Beranda / Romansa / Cinta yang Angkuh / Bab 5 Musuh Masa Kecil 1

Share

Bab 5 Musuh Masa Kecil 1

Penulis: Salju Berterbangan
Paula kembali ke rumah pada malam hari dan membawakan makanan untuk kedua putranya. Ia baru saja mengetahui bahwa Kevin mengambil cuti sehari penuh. Theo, putra bungsu, baru kembali ke rumah hari itu juga. Ia telah menghabiskan beberapa hari bersembunyi dengan seorang gadis cantik yang tidak dikenal.

“Kevin, kamu ada di rumah pagi ini. Apa kamu melihat dia?” tanya ibunya, dengan kegembiraan di wajahnya.

“Dia?
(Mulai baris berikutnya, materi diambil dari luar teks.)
Lemma antiperiodic_window_inj i j : window s 2 i = window s 2 j -> i = j %[mod 2 * L].
Proof.
rewrite !window2 => -[/antiperiodic_eq[Ex Esign] /antiperiodic_eq[Ex1 Esign1]].
rewrite !antiperiodic_sign_succ // -(modSn_mod i) -(modSn_mod j) in Esign1 Ex1.
have p_lt := ltn_pmod i L_gt0; have p'_lt := ltn_pmod j L_gt0.
have Ep : i %% L = j %% L.
  apply: edge_inj => // nz nz1.
  by move: (Esign1 nz1); rewrite (Esign nz) => /addbI.
have Es : sign i = sign j.
  have [x0|] := eqVneq (x (i %% L)) 0; last exact: Esign.
  have nz1 : x ((i %% L).+1 %% L) != 0.
    apply/eqP => x10; apply: (no_reversed_edge p_lt p_lt); by rewrite x0 x10.
  by move: (Esign1 nz1); rewrite Ep => /addIb.
rewrite !modn_double Ep; congr (_ * _ + _).
by move: Es; rewrite /antiperiodic_sign Ep => /addIb ->.
Qed.

Theorem antiperiodic_SOS : is_SOS 2 s (2 * L).
Proof.
split; first exact: periodic_antiperiodic.
split; first exact: antiperiodic_window_inj.
split=> i j.
  by have := @antiperiodic_window_not_reversed false i j; rewrite map_id.
exact: (@antiperiodic_window_not_reversed true).
Qed.

End Antiperiodic.

Section CirculantWalk.

Variables (N L : nat) (x d : nat -> nat).
Hypothesis x_succ : forall p, p < L -> x (p.+1 %% L) = (x p + d p) %% N.
Hypotheses (d_gt0 : forall p, 0 < d p) (d_small : forall p, 2 * d p < N).

Lemma walk_no_reversed_edge p p' : p < L -> p' < L ->
  x p = x (p'.+1 %% L) -> x (p.+1 %% L) = x p' -> False.
Proof.
move=> p_lt p'_lt; rewrite !x_succ // => Ep Ep'.
have : x p + 0 = x p + (d p + d p') %[mod N].
  by rewrite addn0 {1}Ep -Ep' modn_mod modnDml addnA.
have := d_small p; have := d_small p'; have := d_gt0 p.
by move=> ? ? ? /eqP; rewrite eqn_modDl mod0n modn_small; lia.
Qed.

Lemma walk_step_eq p p' : p < L -> p' < L ->
  x p = x p' -> x (p.+1 %% L) = x (p'.+1 %% L) -> d p = d p'.
Proof.
move=> p_lt p'_lt Ep; rewrite !x_succ // Ep => /eqP; rewrite eqn_modDl.
have := d_small p; have := d_small p'.
by move=> ? ?; rewrite !modn_small; [move/eqP | lia | lia].
Qed.

End CirculantWalk.

Lemma triangular_succ c : 'C(c.+2, 2) = 'C(c.+1, 2) + c.+1.
Proof. by rewrite binS bin1. Qed.

Lemma coprime_triangular K : coprime (2 * K + 1) 'C(K.+1, 2).
Proof.
have coK : coprime (2 * K + 1) K.
  by have := coprimeSn (2 * K); rewrite addn1 coprimeMr => /andP[].
have coK1 : coprime (2 * K + 1) K.+1.
  have := coprimenS (2 * K + 1).
  have -> : (2 * K + 1).+1 = 2 * K.+1 by lia.
  by rewrite coprimeMr => /andP[].
have : coprime (2 * K + 1) (K.+1 * 'C(K, 1)) by rewrite bin1 coprimeMr coK coK1.
by rewrite mul_bin_diag coprimeMr => /andP[].
Qed.

Lemma mod_mulr_inj d k m n : coprime d k -> m < d -> n < d ->
  m * k = n * k %[mod d] -> m = n.
Proof.
move=> co m_lt n_lt.
wlog le_nm : m n m_lt n_lt / n <= m => [wlog_le Emn|].
  by case: (leqP n m) => [|/ltnW] le; [exact: wlog_le | exact/esym/wlog_le].
move/eqP; rewrite eqn_mod_dvd ?leq_mul2r ?le_nm ?orbT // -mulnBl Gauss_dvdl //.
by case: (posnP (m - n)) => [|pos /(dvdn_leq pos)]; lia.
Qed.

(* Block r of the circuit takes the steps 1, ..., K in turn, starting from
   1 + r * 'C(K+1, 2); as 'C(K+1, 2) is coprime to 2K+1 the 2K+1 blocks start
   at distinct vertices, so every edge (v, v + d) is traversed exactly once. *)
Definition tour K e :=
  (1 + e %/ K * 'C(K.+1, 2) + 'C((e %% K).+1, 2)) %% (2 * K + 1).

Lemma tour_succ K e : 0 < K ->
  tour K e.+1 = (tour K e + (e %% K).+1) %% (2 * K + 1).
Proof.
move=> K_gt0; rewrite /tour divnS // modnS dvdn_succ // modnDml.
case: eqP => [wrap|_]; congr (_ %% _); last by rewrite triangular_succ addnA.
have C_wrap : 'C(K.+1, 2) = 'C((e %% K).+1, 2) + (e %% K).+1.
  by rewrite -triangular_succ wrap.
by rewrite mulSn /= addn0; lia.
Qed.

Lemma tour0 K : 0 < K -> tour K 0 = 1.
Proof.
by move=> K_gt0; rewrite /tour div0n mod0n mul0n bin_small // modn_small //; lia.
Qed.

Lemma tour_closed K : 0 < K -> tour K ((2 * K + 1) * K) = 1.
Proof.
move=> K_gt0; rewrite /tour mulnK // modnMl (bin_small (ltnSn 1)) addn0.
by rewrite addnC mulnC modnMDl modn_small //; lia.
Qed.

Lemma tour_inj K e e' : 0 < K -> e < (2 * K + 1) * K -> e' < (2 * K + 1) * K ->
  tour K e = tour K e' -> e %% K = e' %% K -> e = e'.
Proof.
move=> K_gt0 e_lt e'_lt Etour Ec.
rewrite (divn_eq e K) (divn_eq e' K) Ec; congr (_ * _ + _).
apply: (mod_mulr_inj (coprime_triangular K)); rewrite ?ltn_divLR //.
by apply/eqP; move: Etour; rewrite /tour Ec => /eqP; rewrite eqn_modDr eqn_modDl.
Qed.

Definition detour_len K (c : bool) := if c then K else 0.

Definition walk_len K c := (2 * K + 1) * K + detour_len K c.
Siapa?” tanya Theo, mengunyah steak-nya.

“Rosie. Apa kamu ingat dia? Putri Tante Ambar, yang tinggal di sebelah. Dia sudah kembali tinggal bersama ibunya. Ibu baru tahu dari Tante Ambar bahwa ayah Rosie meninggal dunia. Rosie menyerahkan rumah dan tanah warisannya kepada istri baru ayahnya, dan dia memutuskan untuk kembali tinggal bersama ibunya di sini.” Mendengar ini dari ibu mereka, Theo yang tampan seketika merasa terhibur. Ia cepat-cepat berbalik melihat kakak laki-lakinya.

“Kevin pasti dalam masalah. Biang onar itu sudah kembali; rumah kita yang damai ini pasti akan hancur.”
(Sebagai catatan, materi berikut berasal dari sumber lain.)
Lemma smulC (a b : series) : smul a b = smul b a.
Proof.
apply: functional_extensionality => m; rewrite smul_rev /smul.
by apply: eq_bigr => i _; rewrite mulrC.
Qed.

Lemma smulA (a b c : series) : smul a (smul b c) = smul (smul a b) c.
Proof.
apply: functional_extensionality => i.
rewrite {1}/smul smul_rev.
pose coef3 j k := a j * (b (i - j - k)%N * c k).
transitivity (\sum_(j < i.+1) \sum_(k < i.+1 | (k <= i - j)%N) coef3 j k).
  apply: eq_bigr => /= j _; rewrite smul_rev big_distrr /=.
  by rewrite (big_ord_narrow_leq (leq_subr _ _)).
rewrite (exchange_big_dep predT) //=; apply: eq_bigr => k _.
transitivity (\sum_(j < i.+1 | (j <= i - k)%N) coef3 j k).
  apply: eq_bigl => j; rewrite -ltnS -(ltnS j) -!subSn ?leq_ord //.
  by rewrite -subn_gt0 -(subn_gt0 j) -!subnDA addnC.
rewrite (big_ord_narrow_leq (leq_subr _ _)) /smul big_distrl /=.
by apply: eq_bigr => j _; rewrite /coef3 -!subnDA addnC mulrA.
Qed.

Lemma smulDl (a b c : series) : smul (sadd a b) c = sadd (smul a c) (smul b c).
Proof.
apply: functional_extensionality => m; rewrite /smul /sadd -big_split.
by apply: eq_bigr => i _; rewrite mulrDl.
Qed.

Lemma smul1r (a : series) : smul a (smono 1 0) = a.
Proof.
apply: functional_extensionality => m; rewrite smul_rev big_ord_recl subn0.
by rewrite big1 ?addr0 ?mulr1 // => i _; rewrite /smono mulr0.
Qed.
“Theo, jangan berpikir seperti itu tentang Rosie. Dia sudah dewasa sekarang. Dia bukan lagi gadis kecil yang mengejar kakakmu seperti dulu.”

“Bu, Rosie itu benar-benar iblis kecil. Dia sopan, menawan, dan menggemaskan di depan Ibu. Tapi kalau Ibu tahu sifat aslinya, Ibu akan ketakutan. Aku sudah melihatnya berkali-kali. Benar kan, Kevin?” Theo berbalik dan mengedipkan mata pada kakak laki-lakinya.
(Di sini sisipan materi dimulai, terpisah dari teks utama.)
Lemma antichain_rowP {F} i : antichain_point F -> row_entry_spec F i (row_entry F i).
Proof.
case=> F_supp F_le1 F_anti; rewrite /row_entry.
case: pickP => [[q q_lt] /= Fq|F0]; last first.
  apply: RowEmpty => q; apply/eqP; apply: contraT => Fq.
  have /andP[/and4P[/= i_gt0 _ i_le q_le] _] := F_supp _ Fq.
  have q_lt : q < n.*2 by lia.
  by have := F0 (Ordinal q_lt); rewrite /= Fq.
have /andP[/and4P[/= i_gt0 _ i_le q_le] /andP[/= _ k_le]] := F_supp _ Fq.
have row_anti q' : q' != q -> F (i, q') + F (i, q) <= 1.
  move=> neq_q; case: (leqP q' q) => [le_q|/ltnW le_q].
    by apply: F_anti; rewrite //= xpair_eqE eqxx.
  by rewrite addnC; apply: F_anti; rewrite //= xpair_eqE eqxx eq_sym.
have Fq1 : F (i, q) = 1 by have := F_le1 (i, q); lia.
apply: RowHit => // [q' /row_anti|]; lia.
Qed.

Definition tab_of F : seq nat := [seq row_entry F i | i <- iota 1 k].

Lemma tab_entry_tab_of F i : 0 < i <= k -> tab_entry (tab_of F) i = row_entry F i.
Proof.
move=> i_range; rewrite /tab_entry (nth_map 0) ?size_iota ?nth_iota; try lia.
by rewrite add1n prednK //; lia.
Qed.

Lemma tab_of_sptab F : antichain_point F -> is_sptab n k (tab_of F).
Proof.
move=> F_anti; have [_ _ F_pair] := F_anti.
split=> [|||i1 i2 i1_gt0 lt_i12 i2_le|i i' i_gt0 lt_ik i'_range].
- by rewrite size_map size_iota.
- apply/allP=> x /mapP[i]; rewrite mem_iota => i_range ->.
  by case: (antichain_rowP i F_anti) => [_|q _ _]; lia.
- move=> i i_range; rewrite tab_entry_tab_of //.
  by case: (antichain_rowP i F_anti) => [//|q _ _]; lia.
- rewrite !tab_entry_tab_of; try lia.
  case: (antichain_rowP i1 F_anti) => // q Fq1 _ q_range _.
  case: (antichain_rowP i2 F_anti) => [_|q' Fq1' _ q'_range]; first lia.
  rewrite ltnS leqNgt; apply/negP => le_qq'.
  have neq : (i1, q) != (i2, q') by rewrite xpair_eqE negb_and ltn_eqF.
  by have := F_pair _ _ neq (ltnW lt_i12) le_qq'; rewrite Fq1 Fq1'.
- rewrite !tab_entry_tab_of; try lia.
  have [->|neq_i'] := eqVneq i' i; first lia.
  case: (antichain_rowP i F_anti) => [_|q _ _ q_range]; last lia.
  by case: (antichain_rowP i' F_anti) => [_|q' _ _ q'_range]; lia.
Qed.

Definition tab_point T (a : nat * nat) : nat :=
  [&& 0 < a.1 <= k, tab_entry T a.1 != a.1 & tab_entry T a.1 == a.2.+1].

Lemma sptab_entry_range {T i} : is_sptab n k T -> 0 < i <= k -> 0 < tab_entry T i <= n.*2.
Proof.
case=> size_T /allP T_range _ _ _ i_range; apply: T_range.
by rewrite /tab_entry mem_nth // size_T; lia.
Qed.

(* By (iii) the entry bar j cannot sit below a fixed entry j, and by (ii) a
   non-fixed entry bar j below row j forces row j to hold a still larger bar. *)
Lemma sptab_entry_le_bar {T i} : is_sptab n k T -> 0 < i <= k ->
  tab_entry T i != i -> tab_entry T i <= n.*2.+1 - i.
Proof.
move=> T_tab; have [_ _ _ T_dec T_bar] := T_tab.
suff no_bar j i0 : 0 < i0 <= k -> tab_entry T i0 != i0 -> j < i0 ->
    tab_entry T i0 = n.*2.+1 - j -> False.
  move=> i_range T_i; rewrite leqNgt; apply/negP => lt_bar.
  have := sptab_entry_range T_tab i_range.
  by move=> T_i_range; apply: (no_bar (n.*2.+1 - tab_entry T i) i) => //; lia.
elim/ltn_ind: j i0 => j IHj i0 i0_range T_i0 lt_ji0 T_i0E.
have := sptab_entry_range T_tab i0_range => T_i0_range.
have j_range : 0 < j <= k by lia.
have [T_j|T_j] := eqVneq (tab_entry T j) j.
  by have := T_bar j i0 _ _ i0_range T_j T_i0E; lia.
have lt_T : tab_entry T i0 < tab_entry T j.
  by apply: T_dec => //; [lia | lia | apply/eqP].
have := sptab_entry_range T_tab j_range => T_j_range.
by apply: (IHj (n.*2.+1 - tab_entry T j) _ j j_range T_j); lia.
Qed.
“Aku tidak yakin. Kita harus menunggu dan melihat,” aku Kevin. Saat ini, ia masih belum bisa membaca pikiran Rosie. Tujuh tahun berpisah, semuanya telah berubah.

“Oh, Kevin, kamu bicara seolah kamu tidak kenal gadis kecil itu. Hati-hati—jangan biarkan dia masuk ke kamarmu. Jika tidak, kamu pasti akan sakit kepala.”

“Theo, kenapa kamu bicara tentang Rosie seperti itu? Sudahlah, makan saja makananmu.” Paula tidak bisa cukup memarahi putranya. Ia cepat-cepat memotong pembicaraan, memastikan mereka fokus pada makanan mereka alih-alih bergosip tentang putri tetangga.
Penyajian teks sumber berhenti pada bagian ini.